But given that the Nomicon is written how it is, it seems possible that there are already crates that elide any additional prose and rely solely on the presence of repr(transparent) in their rustdocs to communicate that a type is "publicly transparent." So if this change is made without notification, perhaps existing documentation will lose information.

dtolnay commented 2 years ago

I disagree that the nomicon's description refers to publicly transparent. It's describing guarantees that the language makes to the module/crate that contains the type. Nothing in there is about what guarantees the module/crate makes to its downstream users.

BGR360 commented 2 years ago

Hm, maybe not explicitly. But when I read it, it seems strongly implied.

The goal is to make it possible to transmute between the single field and the struct. An example of that is UnsafeCell, which can be transmuted into the type it wraps.

Nothing on that page, nor in the parent page, nor even in the Reference page on layouts, suggests to me that these rules only apply to the module/crate where the type is defined. My own intuition additionally tells me that the layout of a type is a property that is true for any crate in which the type is used.

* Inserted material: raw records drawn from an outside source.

Lemma smooth_differentiable_x2_x4 f a c u v : smooth_on U_reg f -> u > Rabs v ->
  differentiable_pt_lim (fun u v => f (Pt a u c v)) u v
    (partial 2 f (Pt a u c v)) (partial 4 f (Pt a u c v)).
Proof.
  intros Hf Huv.
  assert (D2 : forall u' v', partial 2 f (Pt a u' c v') = Derive (fun z => f (Pt a z c v')) u')
    by (intros; apply (Derive_translate (fun z => f (Pt a z c v')))).
  assert (D4 : partial 4 f (Pt a u c v) = Derive (fun z => f (Pt a u c z)) v)
    by apply (Derive_translate (fun z => f (Pt a u c z))).
  rewrite D2, D4. apply differentiable_pt_lim_of_partials.
  - apply locally_2d_impl with (2 := U_reg_locally_2d a c u v Huv), locally_2d_forall.
    intros u' v' H. apply (ex_derive_translate (fun z => f (Pt a z c v'))).
    exact (smooth_on_has_partial U_reg f Hf 2 _ ltac:(lia) H).
  - apply continuity_2d_pt_ext_loc with (f := fun u' v' => partial 2 f (Pt a u' c v')).
    + apply locally_2d_forall. intros. apply D2.
    + apply continuity_2d_pt_x2_x4, (smooth_on_continuous U_reg).
      * apply smooth_on_partial; [exact Hf | lia].
      * exact Huv.
  - apply (ex_derive_translate (fun z => f (Pt a u c z))).
    exact (smooth_on_has_partial U_reg f Hf 4 (Pt a u c v) ltac:(lia) Huv).
Qed.

(* The part [lam e24] of [xi], acting on [f]. *)
Definition boost_deriv (lam : R) (f : pt -> R) (p : pt) : R :=
  lam * (x4 p * partial 2 f p + x2 p * partial 4 f p).

Lemma is_derive_boost_orbit lam f a c r t : smooth_on U_reg f -> 0 < r ->
  is_derive (fun t => f (boost_orbit lam a c r t)) t (boost_deriv lam f (boost_orbit lam a c r t)).
Proof.
  intros Hf Hr. apply is_derive_Reals.
  assert (Hu := boost_orbit_in_U lam a c r t Hr).
  assert (Dc : derivable_pt_lim (fun t => r * cosh (lam * t)) t (lam * (r * sinh (lam * t))))
    by (apply is_derive_Reals; unfold cosh, sinh; auto_derive; [exact I | field]).
  assert (Ds : derivable_pt_lim (fun t => r * sinh (lam * t)) t (lam * (r * cosh (lam * t))))
    by (apply is_derive_Reals; unfold cosh, sinh; auto_derive; [exact I | field]).
  pose proof (derivable_pt_lim_comp_2d (fun u v => f (Pt a u c v)) _ _ t _ _ _ _
    (smooth_differentiable_x2_x4 f a c (r * cosh (lam * t)) (r * sinh (lam * t)) Hf Hu) Dc Ds) as H.
  unfold boost_deriv, boost_orbit. cbn [x2 x4].
  match goal with |- derivable_pt_lim _ _ ?g =>
    match type of H with derivable_pt_lim _ _ ?l => replace g with l by ring end end.
  exact H.
Qed.

Definition radial_slice (f : pt -> R) (r : R) : R := f (Pt 0 r 0 0).
(* Let $(x_n)$ be a nonincreasing interval-filling sequence of positive reals with cardinal function $f$, and suppose there are indices $k<m$ such that $x_m<r_m$ and $x_k+x_m<r_k$. Then there exists $y\in\mathcal{A}((x_n))$ with $f(y)\ge4$ (with $\omega,\mathfrak{c}$ counting as $\ge4$).
   Context: For a summable sequence $\mathbf{x}=(x_n)$ of positive reals, $\mathcal{A}(\mathbf{x})=\{\sum_{n\in A}x_n: A\subseteq\mathbb{N}\}$ is its achievement set and its cardinal function $f$ assigns to $x\in\mathcal{A}(\mathbf{x})$ the cardinality (a positive integer, $\omega$, or $\mathfrak{c}$) of $\{(\varepsilon_n)\in\{0,1\}^{\mathbb{N}}:\sum\varepsilon_nx_n=x\}$. The sequence is interval-filling if $\mathcal{A}(\mathbf{x})$ is an interval. The tail sums are $r_n=\sum_{k=n+1}^\infty x_k$. *)

From Stdlib Require Import Reals.
From Coquelicot Require Import Coquelicot.
Open Scope R_scope.

(* Sequences are indexed by nat (starting at 0); the shift from the paper's
   indexing starting at 1 is immaterial. *)

Definition is_rep (x : nat -> R) (eps : nat -> bool) (y : R) : Prop :=
  is_series (fun n => if eps n then x n else 0) y.

Definition achievement_set (x : nat -> R) : R -> Prop :=
  fun y => exists eps : nat -> bool, is_rep x eps y.

Definition interval_filling (x : nat -> R) : Prop :=
  forall a b c, achievement_set x a -> achievement_set x b ->
    a <= c <= b -> achievement_set x c.

Definition tail (x : nat -> R) (n : nat) : R :=
  Series (fun k => x (n + 1 + k)%nat).

Definition seq_differ (e1 e2 : nat -> bool) : Prop := exists n, e1 n <> e2 n.

Definition card_fun_ge4 (x : nat -> R) (y : R) : Prop :=
  exists e1 e2 e3 e4 : nat -> bool,
    is_rep x e1 y /\ is_rep x e2 y /\ is_rep x e3 y /\ is_rep x e4 y /\
    seq_differ e1 e2 /\ seq_differ e1 e3 /\ seq_differ e1 e4 /\
    seq_differ e2 e3 /\ seq_differ e2 e4 /\ seq_differ e3 e4.
(* For all $n\ge1$ and all integers $h$ with $0\le h\le \frac12n^2-\frac52n$, $|\mathcal C^h_n| \ge n^{n-2}\left(\frac{n^2-3n}{2(n+h)}\right)^h$.
   Context: Graphs are finite and simple. For an integer $h\ge0$, $\mathcal C^h_n$ is the set of connected graphs on vertex set $[n]$ with at most $h+n-1$ edges. *)

From mathcomp Require Import all_boot all_order all_algebra.
Set Implicit Arguments. Unset Strict Implicit. Unset Printing Implicit Defensive.
Import Order.TTheory GRing.Theory Num.Theory.

Definition simple_graph (n : nat) (E : {set {set 'I_n}}) : bool :=
  [forall e in E, #|e| == 2].

Definition adj (n : nat) (E : {set {set 'I_n}}) : rel 'I_n :=
  fun x y => [set x; y] \in E.

Definition connected_graph (n : nat) (E : {set {set 'I_n}}) : bool :=
  [forall x, forall y, connect (adj E) x y].

Definition Chn (h n : nat) : {set {set {set 'I_n}}} :=
  [set E : {set {set 'I_n}} |
     [&& simple_graph E, connected_graph E & #|E| <= h + n - 1]].

From mathcomp Require Import all_boot all_order all_algebra.
From mathcomp Require Import zify.
Set Implicit Arguments. Unset Strict Implicit. Unset Printing Implicit Defensive.
Import Order.TTheory GRing.Theory Num.Theory.

(* A Prüfer-type decoding turns each word of length n - 2 over [n] into a
   parent function towards a fixed root, hence into a spanning tree, and
   distinct words give distinct trees: the set of leaves removed at each step,
   and then the next letter, can be read off the tree.  So there are at least
   n^(n-2) spanning trees.  Adding to a spanning tree any h of its
   a = C(n,2) - (n-1) non-edges yields a graph of C^h_n, and a graph of C^h_n
   arises in at most C(b,h) ways, b = h + n - 1, since the added edges form an
   h-subset of its edges.  Hence |C^h_n| >= n^(n-2) C(a,h) / C(b,h), and
   C(a,h) / C(b,h) >= (a/b)^h >= ((n^2 - 3n) / (2(n+h)))^h as h <= b <= a. *)

Lemma adj_sym n (E : {set {set 'I_n}}) : symmetric (adj E).
Proof. by move=> x y; rewrite /adj setUC. Qed.

Lemma connected_graph_subset n (E F : {set {set 'I_n}}) :
  E \subset F -> connected_graph E -> connected_graph F.
Proof.
move=> /subsetP sEF /'forall_forallP conn_E; apply/'forall_forallP => x y.
by apply: connect_sub (conn_E x y) => u v Euv; apply/connect1/sEF.
Qed.

Section ParentFunctions.
Variables (n : nat) (r : 'I_n).
Notation V := 'I_n.

Definition rooted (p : V -> V) := forall v, exists k, iter k p v = r.
Lemma pseudo_gorenstein_starE N (e : rel 'I_N) :
  pseudo_gorenstein_star e <-> alt_indep e setT = (-1) ^+ indep_num e.
Proof.
set a := indep_num e.
have h_gt k : (a < k)%N -> hcoef e k = 0.
  move=> ak; rewrite hcoef_sum big1 // => F /card_le_indep_num Fa.
  by rewrite hcoef_termE // ifT ?bin_small ?mulr0 //; lia.
have h_top : hcoef e a = (-1) ^+ a * alt_indep e setT.
  rewrite hcoef_sum /alt_indep /big_indep mulr_sumr; apply: eq_big => F; first by rewrite subsetT.
  move=> /card_le_indep_num; rewrite -/a => Fa.
  by rewrite hcoef_termE // Fa binn mulr1 -{2}(subnK Fa) exprD -mulrA -expr2 sqrr_sign mulr1.
rewrite /pseudo_gorenstein_star h_top; split => [[top _] | ->].
  by rewrite -(signrMK a (alt_indep e setT)) top mulr1.
by split; [rewrite -expr2 sqrr_sign | exact: h_gt].
Qed.

End HCoefficients.

Section Suspension.
Variables (N : nat) (e : rel 'I_N) (C : {set 'I_N}).
Hypotheses (e_sym : symmetric e) (e_irr : irreflexive e).
Local Notation G := (suspension e C).
Local Notation apex := (@ord_max N).
Local Notation lft := (@lift N.+1 ord_max).

Lemma suspension_lift : {mono lft : a b / e a b >-> G a b}.
Proof. by move=> a b; rewrite /suspension !liftK. Qed.

Lemma suspension_sym : symmetric G.
Proof.
move=> x y; rewrite /suspension.
by case: (unlift _ x) => [a|]; case: (unlift _ y) => [b|] //; apply: e_sym.
Qed.

Lemma suspension_irr : irreflexive G.
Proof. by move=> x; rewrite /suspension; case: (unlift _ x) => [a|] //; apply: e_irr. Qed.

Lemma apex_notin_lift (A : {set 'I_N}) : apex \notin lft @: A.
Proof. by apply/imsetP => -[a _ /eqP]; rewrite (negbTE (neq_lift _ _)). Qed.

Lemma setT_apex : [set: 'I_N.+1] :\ apex = lft @: setT.
Proof.
apply/setP => u; case: (unliftP apex u) => [a -> | ->].
  by rewrite !inE eq_sym neq_lift imset_f.
by rewrite setD11 (negbTE (apex_notin_lift _)).
Qed.
(* Enumerating a finType does not reduce under vm_compute, hence the explicit
   vertex list. *)
Lemma p4_ends_cyl23 u v : u != v -> p4_ends (cyl 2 3) u v.
Proof.
have all_vertices w : w \in prism_vertices.
  by case: w => [[[|[|//]] ?] [[|[|[|//]]] ?]].
have : all (fun u => all (fun v => (u == v) || has (fun x => has (fun y =>
         [&& uniq [:: u; x; y; v], cyl 2 3 u x, cyl 2 3 x y & cyl 2 3 y v])
         prism_vertices) prism_vertices) prism_vertices) prism_vertices.
  by vm_compute.
move/allP/(_ u (all_vertices u))/allP/(_ v (all_vertices v)).
case/orP => [/eqP -> | /hasP [x _ /hasP [y _ p4]]]; first by rewrite eqxx.
by move=> _; apply/existsP; exists x; apply/existsP; exists y.
Qed.

Lemma ei_uncolorable_cyl3 m : 1 < m -> ~~ ei_colorable (cyl m 3) 5.
Proof.
move=> m_gt1; apply/negP.
move=> /(ei_colorable_cyl2 m_gt1) /(p4_clique_card p4_ends_cyl23).
by rewrite card_prod !card_ord.
Qed.

Theorem theorem4p4 (m n : nat) : 2 <= m -> 3 <= n ->
  let c := chi_ei (cart_rel (path_rel m) (cycle_rel n)) in
  [/\ n = 3 -> c = 6,
      n = 5 -> c = 5,
      n = 7 -> c = 4,
      ~~ odd n -> c = 2
    & odd n -> 9 <= n -> c = 3].
Proof.
move=> m_gt1 n_ge3 c; rewrite {}/c.
have cylE k : 3 < n -> ei_colorable (cyl m n) k = circ13_colorable n k.
  exact: ei_colorable_cylE.
split=> [n3 | n5 | n7 | n_even | n_odd n_ge9]; try subst n.
- exact: chi_ei_eq (ei_colorable_cyl3 m) (ei_uncolorable_cyl3 m_gt1).
- apply: chi_ei_eq; rewrite ?cylE //.
    exact: circ13_colorable5.
  exact: circ13_uncolorable5_4.
- apply: chi_ei_eq; rewrite ?cylE //.
    exact: circ13_colorable7.
  exact: circ13_uncolorable7_3.
- have n_gt3 : 3 < n by lia.
  apply: chi_ei_eq; rewrite ?cylE //.
    exact: circ13_colorable2_even.
  by apply: circ13_uncolorable1; lia.
- have n_gt3 : 3 < n by lia.
  apply: chi_ei_eq; rewrite ?cylE //.
    exact: circ13_colorable3_odd.
  exact: circ13_uncolorable2_odd.
Qed.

Perhaps there's some detail that I'm missing when I read it, but really, if this is an important distinction, then it should be made more clearly. I'm more than happy to have my misconceptions ironed out through discussion, but I would wager that other noobs like me will walk away thinking the exact same things given the current text, and that's the real problem to me.

jhpratt commented 2 years ago

I would wager that other noobs like me will walk away thinking the exact same things given the current text, and that's the real problem to me.

To me that's precisely why this issue was created and should be resolved.

riking commented 2 years ago

I agree that nobody has any business attempting to transmute a PathBuf, but the non-pub nature of structures like NonZeroU8 is necessary to uphold the invariants - otherwise safe code could simply write a 0 to the field.

There will need to be some other attribute - possibly under rustdoc:: - to indicate whether the choice of inner type is stable.

CAD97 commented 2 years ago

Incidentally related: #[repr(C)] has similar pitfalls in documentation, if not all fields are public, and can be actively misleading since it reorders // some fields omitted to the end, e.g. https://github.com/rust-lang/rust/issues/66401

IOW: I think any #[repr] attribute should be hidden if any private fields are present. Library-stable layout is different from language-stable layout.

Fryuni commented 2 years ago

I'm in favor of this change. repr(transparent) guarantees that the struct has the same layout of its field, it makes no guarantees about the type of said field.

For example, seeing something like this in the docs:

#[repr(transparent)]
pub struct Foo<T> { /* private fields */ }

Does not guarantee that transmute<Foo<bool>, bool>(foo) is valid because the struct definition could be this:

#[repr(transparent)]
pub struct Foo<T> {
  content: Vec<T>,
}

repr(transparent) states that a struct has the same layout as something else. The docs should state what that something else is if that could be relied on. I could change Foo to hold a VecDeque and it would not be a breaking change if I never guaranteed that the layout would be that of a Vec.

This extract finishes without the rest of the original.